Charlotte West

Defunct provincial electoral district
- Legislature: Legislative Assembly of New Brunswick
- District created: 1973
- District abolished: 1994
- First contested: 1974
- Last contested: 1991

= Charlotte West (electoral district) =

Defunct provincial electoral district in New Brunswick, Canada

Charlotte West was a provincial electoral district for the Legislative Assembly of New Brunswick, Canada; it existed from 1974 to 1995.

It was created from part of the former four-member electoral district of Charlotte during the New Brunswick electoral redistribution of 1973. In the New Brunswick electoral redistribution of 1994, parts of Charlotte West were merged with St. Stephen-Milltown to form the new electoral division of Western Charlotte; the remainder became part of the new electoral district of Fundy Isles.

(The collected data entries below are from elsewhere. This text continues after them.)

(* Let $q$ be a prime power, let $r>0$ be an integer and $B(X)\in\mathbb{F}_{q^3}[X]$. Let $\Gamma$ be the set of roots in $\mathbb{F}_{q^3}$ of $X^{q^2}+X^q+X$ and $\Lambda$ the set of roots in $\mathbb{F}_{q^3}$ of $X^{q+1}+X+1$. Then the following are equivalent: (1) $X^rB(X^{q-1})$ permutes $\Gamma$; (2) $\gcd(r,q-1)=1$ and $X^rB(X)^{q-1}$ permutes $\Lambda$; (3) $\gcd(r,q-1)=1$, $B(X)$ has no roots in $\Lambda$, and the rational function $X^rB^{(q)}(-X^{-1}-1)/B(X)$ permutes $\Lambda$.
   Context: For a polynomial or rational function $g$ over $\overline{\mathbb{F}}_q$, $g^{(q)}$ denotes the function obtained from $g$ by raising each of its coefficients to the $q$-th power. A function ''permutes'' a set $T$ if it maps $T$ bijectively onto $T$. *)

From HB Require Import structures.
From mathcomp Require Import all_boot all_order all_algebra all_field.
Set Implicit Arguments. Unset Strict Implicit. Unset Printing Implicit Defensive.
Import GRing.Theory.
Local Open Scope ring_scope.

Definition permutes (F : finType) (f : F -> F) (T : {set F}) : Prop :=
  f @: T = T /\ {in T &, injective f}.

Definition qpow_poly (F : fieldType) (q : nat) (g : {poly F}) : {poly F} :=
  map_poly (fun c => c ^+ q) g.

Definition Gamma_set (F : finFieldType) (q : nat) : {set F} :=
  [set x : F | x ^+ (q ^ 2) + x ^+ q + x == 0].

Definition Lambda_set (F : finFieldType) (q : nat) : {set F} :=
  [set x : F | x ^+ q.+1 + x + 1 == 0].

From HB Require Import structures.
From mathcomp Require Import all_boot all_order all_algebra all_field cyclic.
From mathcomp Require Import ring zify.
Import GRing.Theory.
Local Open Scope ring_scope.
Set Implicit Arguments. Unset Strict Implicit. Unset Printing Implicit Defensive.

(* Write f, g, h for the maps in (1), (2), (3). As F^* is cyclic and every
   x in Lambda satisfies x^(q^2+q+1) = 1, the map x |-> x^(q-1) sends
   Gamma \ {0} onto Lambda, with fibres the cosets of the group mu of
   (q-1)-th roots of unity. It intertwines f with g, and f (z x) = z^r f x for
   z in mu; hence f permutes Gamma iff g permutes Lambda and z |-> z^r is
   injective on mu, i.e. gcd(r, q-1) = 1. Finally x^q = -1/x - 1 on Lambda, so
   B^(q)(-1/x - 1) = B(x)^q and h = g on Lambda once B has no zero there. *)

Section Permutes.
Variables (T : finType) (A : {set T}).

Lemma permutes_mem (f : T -> T) x : permutes f A -> x \in A -> f x \in A.
Proof. by case=> fA _ xA; rewrite -fA imset_f. Qed.

Lemma permutes_surj (f : T -> T) y :
  permutes f A -> y \in A -> exists2 x, x \in A & f x = y.
Proof. by case=> fA _; rewrite -{1}fA => /imsetP[x xA ->]; exists x. Qed.

Lemma permutes_of_inj (f : T -> T) :
  {in A, forall x, f x \in A} -> {in A &, injective f} -> permutes f A.
Proof.
move=> fA f_inj; split=> //; apply/eqP; rewrite eqEcard card_in_imset // leqnn andbT.
by apply/subsetP=> _ /imsetP[x xA ->]; apply: fA.
Qed.

Lemma permutes_of_onto (f : T -> T) :
  {in A, forall x, f x \in A} -> {in A, forall y, exists2 x, x \in A & f x = y} ->
  permutes f A.
Proof.
move=> fA f_onto; have fAA : f @: A = A.
  apply/eqP; rewrite eqEsubset; apply/andP; split; apply/subsetP.
    by move=> _ /imsetP[x xA ->]; apply: fA.
  by move=> y /f_onto[x xA <-]; apply: imset_f.
by split=> //; apply/imset_injP; rewrite fAA.
Qed.

Lemma eq_in_permutes (f g : T -> T) :
  {in A, f =1 g} -> permutes f A <-> permutes g A.
Proof.
have imp h k : {in A, h =1 k} -> permutes h A -> permutes k A.
  move=> hk [hA h_inj]; split; first by rewrite -(eq_in_imset hk).
  by move=> x y xA yA; rewrite -!hk //; apply: h_inj.
by move=> fg; split; apply: imp => // x xA; rewrite fg.
Qed.

End Permutes.

Lemma coprime_unity_root_eq1 (R : nzRingType) (r m : nat) (z : R) :
  (0 < m)%N -> coprime r m -> z ^+ r = 1 -> z ^+ m = 1 -> z = 1.
Proof.
move=> m_gt0 co zr zm; have [k z_prim k_dvd_m] := prim_order_exists m_gt0 zm.
have : (k %| gcdn r m)%N by rewrite dvdn_gcd k_dvd_m (prim_order_dvd z_prim) zr eqxx.
by rewrite (eqP co) dvdn1 => /eqP k1; rewrite -[z]expr1 -k1 prim_expr_order.
Qed.

Lemma card_fixed_exprn_le (R : finIdomainType) (n : nat) :
  (1 < n)%N -> (#|[set b : R | b ^+ n == b]| <= n)%N.
Proof.
move=> n_gt1; have sizeP : size ('X^n - 'X : {poly R}) = n.+1.
  by rewrite size_polyDl ?size_polyXn // size_polyN size_polyX ltnS.
rewrite cardE -ltnS -sizeP max_poly_roots ?enum_uniq //.
  by rewrite -size_poly_eq0 sizeP.
by apply/allP=> b; rewrite mem_enum inE rootE !hornerE subr_eq0.
Qed.

Lemma horner_qpow_poly (F : fieldType) (q : nat) (B : {poly F}) (x : F) :
  [pchar F].-nat q -> (qpow_poly q B).[x ^+ q] = B.[x] ^+ q.
Proof.
move=> qchar; have q_gt0 : (0 < q)%N by case/andP: qchar.
rewrite /qpow_poly (horner_coef_wide _ (size_poly _ _)) horner_coef.
have zero_q : (0 : F) ^+ q = 0 by rewrite expr0n gtn_eqF.
rewrite (big_morph _ (fun y z => exprDn_pchar y z qchar) zero_q).
by apply: eq_bigr => i _; rewrite coef_poly ltn_ord exprMn exprAC.
Qed.

Section FinFieldPowers.
Variable F : finFieldType.

Lemma expf_card_pred (x : F) : x != 0 -> x ^+ #|F|.-1 = 1.
Proof.
move=> x0; apply: (mulIf x0); rewrite mul1r -exprSr prednK ?expf_card //.
exact: ltn_trans (finNzRing_gt1 F).
Qed.

Lemma finField_prim_root_exists : exists w : F, #|F|.-1.-primitive_root w.
Proof.
have /hasP[w _ w_prim] : has #|F|.-1.-primitive_root (enum [set~ (0 : F)]).
  apply: has_prim_root; rewrite ?enum_uniq -?cardE ?cardsC1 //.
    by rewrite -subn1 subn_gt0 finNzRing_gt1.
  by apply/allP=> x; rewrite mem_enum !inE unity_rootE => /expf_card_pred->.
by exists w.
Qed.

Lemma exists_unity_root_neq1 (d : nat) :
  (1 < d)%N -> (d %| #|F|.-1)%N -> exists2 z : F, z != 1 & z ^+ d = 1.
Proof.
move=> d_gt1 d_dvd; have [w w_prim] := finField_prim_root_exists.
have z_prim := dvdn_prim_root w_prim d_dvd.
exists (w ^+ (#|F|.-1 %/ d)); last exact: prim_expr_order z_prim.
apply: contraTneq d_gt1 => z1; move: (prim_order_dvd z_prim 1).
by rewrite z1 expr1 eqxx dvdn1 => /eqP->.
Qed.

Lemma unity_root_expr_surj (m : nat) (x : F) :
  (m %| #|F|.-1)%N -> x ^+ (#|F|.-1 %/ m) = 1 -> exists y, y ^+ m = x.
Proof.
move=> m_dvd xm; have [w w_prim] := finField_prim_root_exists.
have [md_gt0 _] : (0 < #|F|.-1 %/ m)%N /\ (0 < m)%N.
  by apply/andP; rewrite -muln_gt0 divnK ?(prim_order_gt0 w_prim).
have xN : x ^+ #|F|.-1 = 1 by rewrite -(divnK m_dvd) exprM xm expr1n.
have [[i /= _] x_wi] := prim_rootP w_prim xN.
have : (#|F|.-1 %| i * (#|F|.-1 %/ m))%N.
  by rewrite (prim_order_dvd w_prim) exprM -x_wi xm.
rewrite -{1}(divnK m_dvd) mulnC dvdn_pmul2r // => m_dvd_i.
by exists (w ^+ (i %/ m)); rewrite -exprM divnK.
Qed.

End FinFieldPowers.

Lemma sqrn_pred_succ (n : nat) : (0 < n)%N -> (n ^ 2 = (n.-1 * n.+1).+1)%N.
Proof. by case: n => // n _; rewrite expnS expn1 /=; lia. Qed.

Lemma predn_cube (n : nat) : ((n ^ 3).-1 = n.-1 * (n ^ 2 + n + 1))%N.
Proof. by case: n => // n; rewrite !expnS expn0 /=; nia. Qed.

Section LambdaGamma.
Variables (F : finFieldType) (q : nat).
Local Notation Lambda := (Lambda_set F q).
Local Notation Gamma := (Gamma_set F q).

Lemma Lambda_neq0 x : x \in Lambda -> x != 0.
Proof. by rewrite inE; apply: contraTneq => ->; rewrite expr0n !add0r oner_eq0. Qed.

Lemma Lambda_exprq x : x \in Lambda -> x ^+ q = - x^-1 - 1.
Proof.
move=> xL; have x0 := Lambda_neq0 xL.
move: xL; rewrite inE exprSr -addrA addr_eq0 => /eqP e.
by apply: (mulIf x0); rewrite e; field.
Qed.

Lemma Gamma0 : (0 < q)%N -> 0 \in Gamma.
Proof. by move=> q_gt0; rewrite inE !expr0n expn_eq0 !gtn_eqF // !addr0. Qed.

Lemma GammaP x : (0 < q)%N -> x != 0 -> (x \in Gamma) = (x ^+ q.-1 \in Lambda).
Proof.
move=> q_gt0 x0; have xq : x ^+ q = x * x ^+ q.-1 by rewrite -exprS prednK.
have xq2 : x ^+ (q ^ 2) = x * (x ^+ q.-1) ^+ q.+1.
  by rewrite -exprM -exprS -sqrn_pred_succ.
by rewrite !inE xq xq2 -mulrDr -[x in _ + x]mulr1 -mulrDr mulf_eq0 (negbTE x0).
Qed.

Lemma Gamma_neq0E x :
  (1 < q)%N -> (x \in Gamma) && (x != 0) = (x ^+ q.-1 \in Lambda).
Proof.
move=> q_gt1; have [->|x0] := eqVneq x 0; last by rewrite andbT GammaP // ltnW.
by rewrite andbF expr0n -subn1 subn_eq0 leqNgt q_gt1; apply/esym/negP => /Lambda_neq0/eqP.
Qed.

End LambdaGamma.

Section CubicExtension.
Variables (F : finFieldType) (q : nat).
Hypotheses (qchar : [pchar F].-nat q) (cardF : #|F| = (q ^ 3)%N).
Local Notation Lambda := (Lambda_set F q).
Local Notation Gamma := (Gamma_set F q).

Lemma gt1_q : (1 < q)%N.
Proof. by rewrite -(ltn_exp2r 1 q (isT : 0 < 3)%N) exp1n -cardF finNzRing_gt1. Qed.

Lemma Lambda_exprq_closed x : x \in Lambda -> x ^+ q \in Lambda.
Proof.
rewrite !inE => /eqP xL.
have -> : (x ^+ q) ^+ q.+1 + x ^+ q + 1 = (x ^+ q.+1 + x + 1) ^+ q.
  by rewrite !exprDn_pchar // expr1n exprAC.
by rewrite xL expr0n gtn_eqF // ltnW // gt1_q.
Qed.

Lemma Lambda_unity_root x : x \in Lambda -> x ^+ (q ^ 2 + q + 1) = 1.
Proof.
move=> xL; have xqL := Lambda_exprq_closed xL.
have x0 := Lambda_neq0 xL; have xq0 := Lambda_neq0 xqL.
have xq2 : x ^+ (q ^ 2) = - (x ^+ q)^-1 - 1 by rewrite -mulnn exprM Lambda_exprq.
rewrite !exprD expr1 xq2 mulrBl mulNr mulVf // mul1r.
have -> : -1 - x ^+ q = x^-1 by rewrite Lambda_exprq //; ring.
by rewrite mulVf.
Qed.

Lemma dvdn_pred_card : (q.-1 %| #|F|.-1)%N.
Proof. by rewrite cardF predn_cube dvdn_mulr. Qed.

Lemma Lambda_expr_surj x : x \in Lambda -> exists y, y ^+ q.-1 = x.
Proof.
move=> xL; have q1_gt0 : (0 < q.-1)%N by rewrite -subn1 subn_gt0 gt1_q.
apply: unity_root_expr_surj dvdn_pred_card _.
by rewrite cardF predn_cube mulKn // Lambda_unity_root.
Qed.

Lemma Gamma_neq0 : exists2 x, x \in Gamma & x != 0.
Proof.
have [x /andP[xG x0] | Gamma_eq0] := pickP [pred x | (x \in Gamma) && (x != 0)].
  by exists x.
(* Otherwise the trace of F over its subfield of order q would be injective. *)
pose tr x : F := x ^+ (q ^ 2) + x ^+ q + x.
have exprqq y : y ^+ (q ^ 2) = (y ^+ q) ^+ q by rewrite -exprM mulnn.
have trB y z : tr (y - z) = tr y - tr z.
  by rewrite /tr !exprqq !exprDn_pchar // !exprNn_pchar //; ring.
have tr_inj : injective tr.
  move=> y z tr_yz; apply/eqP; rewrite -subr_eq0.
  apply: contraFT (Gamma_eq0 (y - z)) => yz0.
  by rewrite /= yz0 andbT inE -/(tr _) trB tr_yz subrr.
have tr_fixed y : tr y ^+ q = tr y.
  rewrite /tr !exprDn_pchar // -!exprqq -exprM -expnSr -cardF expf_card.
  by rewrite [RHS]addrC addrA.
have : (#|tr @: [set: F]| <= q)%N.
  apply: leq_trans (card_fixed_exprn_le F gt1_q); apply: subset_leq_card.
  by apply/subsetP=> _ /imsetP[y _ ->]; rewrite inE tr_fixed.
by rewrite card_imset // cardsT cardF leqNgt -{1}(expn1 q) ltn_exp2l ?gt1_q.
Qed.

End CubicExtension.

Section PowerMaps.
Variables (F : finFieldType) (q r : nat) (B : {poly F}).
Hypotheses (q_gt1 : (1 < q)%N) (r_gt0 : (0 < r)%N).
Hypotheses (qchar : [pchar F].-nat q) (cardF : #|F| = (q ^ 3)%N).
Local Notation Lambda := (Lambda_set F q).
Local Notation Gamma := (Gamma_set F q).
Local Notation f x := (x ^+ r * B.[x ^+ q.-1]).
Local Notation g x := (x ^+ r * B.[x] ^+ q.-1).
Local Notation h x := (x ^+ r * (qpow_poly q B).[- x^-1 - 1] / B.[x]).

Let q_gt0 : (0 < q)%N := ltnW q_gt1.
Let q1_gt0 : (0 < q.-1)%N. Proof. by rewrite -subn1 subn_gt0. Qed.

Lemma f0 : f 0 = 0.
Proof. by rewrite expr0n gtn_eqF // mul0r. Qed.

Lemma exprf_pred x : (f x) ^+ q.-1 = g (x ^+ q.-1).
Proof. by rewrite exprMn -!exprM mulnC. Qed.

Lemma f_unityM z x : z ^+ q.-1 = 1 -> f (z * x) = z ^+ r * f x.
Proof. by move=> zq; rewrite !exprMn zq mul1r mulrA. Qed.

Lemma permutes_Gamma_of_Lambda :
  coprime r q.-1 -> permutes (fun x => g x) Lambda -> permutes (fun x => f x) Gamma.
Proof.
move=> r_co gP.
have fG x : x \in Gamma -> x != 0 -> (f x \in Gamma) && (f x != 0).
  move=> xG x0; rewrite Gamma_neq0E // exprf_pred.
  by apply: permutes_mem gP _; rewrite -Gamma_neq0E // xG.
have f_eq0 x : x \in Gamma -> (f x == 0) = (x == 0).
  move=> xG; have [->|x0] := eqVneq x 0; first by rewrite f0 eqxx.
  by have /andP[_ /negbTE] := fG x xG x0.
apply: permutes_of_inj => [x xG | x y xG yG /= fxy].
  by have [->|x0] := eqVneq x 0; [rewrite f0 Gamma0 | case/andP: (fG x xG x0)].
have [x0|x0] := eqVneq x 0.
  by move: (f_eq0 y yG); rewrite -fxy x0 f0 eqxx => /esym/eqP.
have y0 : y != 0 by rewrite -f_eq0 // -fxy f_eq0.
have xy : x ^+ q.-1 = y ^+ q.-1.
  case: gP => _ g_inj; apply: g_inj; rewrite -?Gamma_neq0E ?xG ?yG //.
  by rewrite -!exprf_pred fxy.
pose z := y / x.
have zq : z ^+ q.-1 = 1 by rewrite expr_div_n xy divff // expf_neq0.
have fx0 : f x != 0 by rewrite f_eq0.
have zr : z ^+ r = 1 by apply: (mulIf fx0); rewrite mul1r -f_unityM // divfK.
by rewrite -[y](divfK x0) -/z (coprime_unity_root_eq1 q1_gt0 r_co zr zq) mul1r.
Qed.

Lemma permutes_f_eq0 :
  permutes (fun x => f x) Gamma -> {in Gamma, forall x, (f x == 0) = (x == 0)}.
Proof.
case=> _ f_inj x xG; apply/eqP/eqP=> [fx0|->]; last exact: f0.
by apply: f_inj; rewrite ?Gamma0 //= fx0 f0.
Qed.

Lemma coprime_of_permutes_Gamma : permutes (fun x => f x) Gamma -> coprime r q.-1.
Proof.
move=> fP; apply: contraT => r_nco.
have d_gt1 : (1 < gcdn r q.-1)%N by rewrite ltn_neqAle eq_sym r_nco gcdn_gt0 r_gt0.
have [z z1 zd] := exists_unity_root_neq1 d_gt1
  (dvdn_trans (dvdn_gcdr _ _) (dvdn_pred_card cardF)).
have zq : z ^+ q.-1 = 1.
  by rewrite -(divnK (dvdn_gcdr r q.-1)) mulnC exprM zd expr1n.
have zr : z ^+ r = 1.
  by rewrite -(divnK (dvdn_gcdl r q.-1)) mulnC exprM zd expr1n.
have [x xG x0] := Gamma_neq0 qchar cardF.
have /andP[zxG _] : (z * x \in Gamma) && (z * x != 0).
  by rewrite Gamma_neq0E // exprMn zq mul1r -Gamma_neq0E // xG.
have : z * x = x by case: fP => _ f_inj; apply: f_inj; rewrite //= f_unityM // zr mul1r.
by rewrite -{2}[x]mul1r => /(mulIf x0)/eqP; rewrite (negbTE z1).
Qed.

Lemma permutes_Lambda_of_Gamma :
  permutes (fun x => f x) Gamma -> permutes (fun x => g x) Lambda.
Proof.
move=> fP; have f_eq0 := permutes_f_eq0 fP.
apply: permutes_of_onto => x xL; have [y yx] := Lambda_expr_surj qchar cardF xL;
  move: xL; rewrite -{}yx -Gamma_neq0E // => /andP[yG y0].
  by rewrite /= -exprf_pred -Gamma_neq0E // (permutes_mem fP yG) (f_eq0 _ yG) y0.
have [u uG fu] := permutes_surj fP yG.
exists (u ^+ q.-1); last by rewrite /= -exprf_pred fu.
by rewrite -Gamma_neq0E // uG -(f_eq0 _ uG) fu.
Qed.

Lemma Lambda_horner_neq0 :
  permutes (fun x => g x) Lambda -> {in Lambda, forall x, B.[x] != 0}.
Proof.
move=> gP x xL; have := Lambda_neq0 (permutes_mem gP xL).
by apply: contraNneq => /= ->; rewrite expr0n gtn_eqF // mulr0.
Qed.

Lemma eq_in_h_g :
  {in Lambda, forall x, B.[x] != 0} -> {in Lambda, (fun x => h x) =1 (fun x => g x)}.
Proof.
move=> B0 x xL /=; have Bq : B.[x] ^+ q = B.[x] ^+ q.-1 * B.[x].
  by rewrite -exprSr prednK.
by rewrite -(Lambda_exprq xL) horner_qpow_poly // Bq mulrA mulfK ?B0.
Qed.

End PowerMaps.

Unset Implicit Arguments.

Theorem lemma3p3 (q : nat)
  (hq : exists p k : nat, [/\ prime p, (0 < k)%N & q = (p ^ k)%N])
  (F : finFieldType) (hF : #|F| = (q ^ 3)%N)
  (r : nat) (hr : (0 < r)%N) (B : {poly F}) :
  [<-> permutes (fun x : F => x ^+ r * B.[x ^+ q.-1]) (Gamma_set F q);
       coprime r q.-1 /\
         permutes (fun x : F => x ^+ r * B.[x] ^+ q.-1) (Lambda_set F q);
       [/\ coprime r q.-1,
           (forall x, x \in Lambda_set F q -> B.[x] != 0) &
           permutes (fun x : F =>
                       x ^+ r * (qpow_poly q B).[- x^-1 - 1] / B.[x])
                    (Lambda_set F q)]].
Proof.
have qchar : [pchar F].-nat q.
  have [p [k [p_prime _ q_pk]]] := hq.
  by rewrite q_pk pnatX (pnatE _ p_prime) (card_finPcharP (n := k * 3)) // hF q_pk expnM.
have q_gt1 := gt1_q hF.
tfae.
- move=> fP; split; first exact: coprime_of_permutes_Gamma q_gt1 hr qchar hF fP.
  exact: permutes_Lambda_of_Gamma q_gt1 hr qchar hF fP.
- case=> r_co gP; have B0 := Lambda_horner_neq0 q_gt1 gP.
  by split=> //; apply/(eq_in_permutes (eq_in_h_g r q_gt1 qchar B0)).
- case=> r_co B0 hP; apply: (permutes_Gamma_of_Lambda q_gt1 hr r_co).
  by apply/(eq_in_permutes (eq_in_h_g r q_gt1 qchar B0)).
Qed.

== Members of the Legislative Assembly ==

Assembly: Years; Member; Party
Riding created from Charlotte
48th: 1974–1978; Leland McGaw; Progressive Conservative
49th: 1978–1982
50th: 1982–1987
51st: 1987–1991; Reid Hurley; Liberal
52nd: 1991–1995
Riding dissolved into Western Charlotte and Fundy Isles

==Election results==

1991 New Brunswick general election
| Party | Candidate | Votes | % | ±% |
|  | Liberal | Reid Hurley | 1,796 | 45.79 | -12.36 |
|  | Progressive Conservative | Bev Lawrence | 1,077 | 27.46 | -9.02 |
|  | Confederation of Regions | Mabel Groom | 768 | 19.58 | – |
|  | New Democratic | Ellen Smith | 281 | 7.16 | +1.79 |
| Total valid votes |  |  | 3,922 | 100.0 |
|  | Liberal hold |  | Swing |  | -1.67 |

1987 New Brunswick general election
| Party | Candidate | Votes | % | ±% |
|  | Liberal | Reid Hurley | 2,286 | 58.15 | +23.39 |
|  | Progressive Conservative | Leland W. McGaw | 1,434 | 36.48 | -19.49 |
|  | New Democratic | Ray "Bud" Parks | 211 | 5.37 | -3.90 |
| Total valid votes |  |  | 3,931 | 100.0 |
|  | Liberal gain from Progressive Conservative |  | Swing |  | +21.44 |

1982 New Brunswick general election
| Party | Candidate | Votes | % | ±% |
|  | Progressive Conservative | Leland W. McGaw | 1,992 | 55.97 | -2.77 |
|  | Liberal | Dale E. Lively | 1,237 | 34.76 | ±0 |
|  | New Democratic | Joseph N. Hansen | 330 | 9.27 | +2.77 |
| Total valid votes |  |  | 3,559 | 100.0 |
|  | Progressive Conservative hold |  | Swing |  | -1.38 |

1978 New Brunswick general election
| Party | Candidate | Votes | % | ±% |
|  | Progressive Conservative | Leland W. McGaw | 1,815 | 58.74 | +3.13 |
|  | Liberal | Philip Earl Johnson | 1,074 | 34.76 | -9.63 |
|  | New Democratic | William C. Mosher | 201 | 6.50 | – |
| Total valid votes |  |  | 3,090 | 100.0 |
|  | Progressive Conservative hold |  | Swing |  | +6.38 |

1974 New Brunswick general election
| Party | Candidate | Votes | % |
|  | Progressive Conservative | Leland McGaw | 1,587 | 55.61 |
|  | Liberal | Edward John Boone | 1,267 | 44.39 |
| Total valid votes |  |  | 2,854 | 100.0 |
The previous multi-member riding of Charlotte went totally Progressive Conservative in the last election, with Leland McGaw being one of the four incumbents.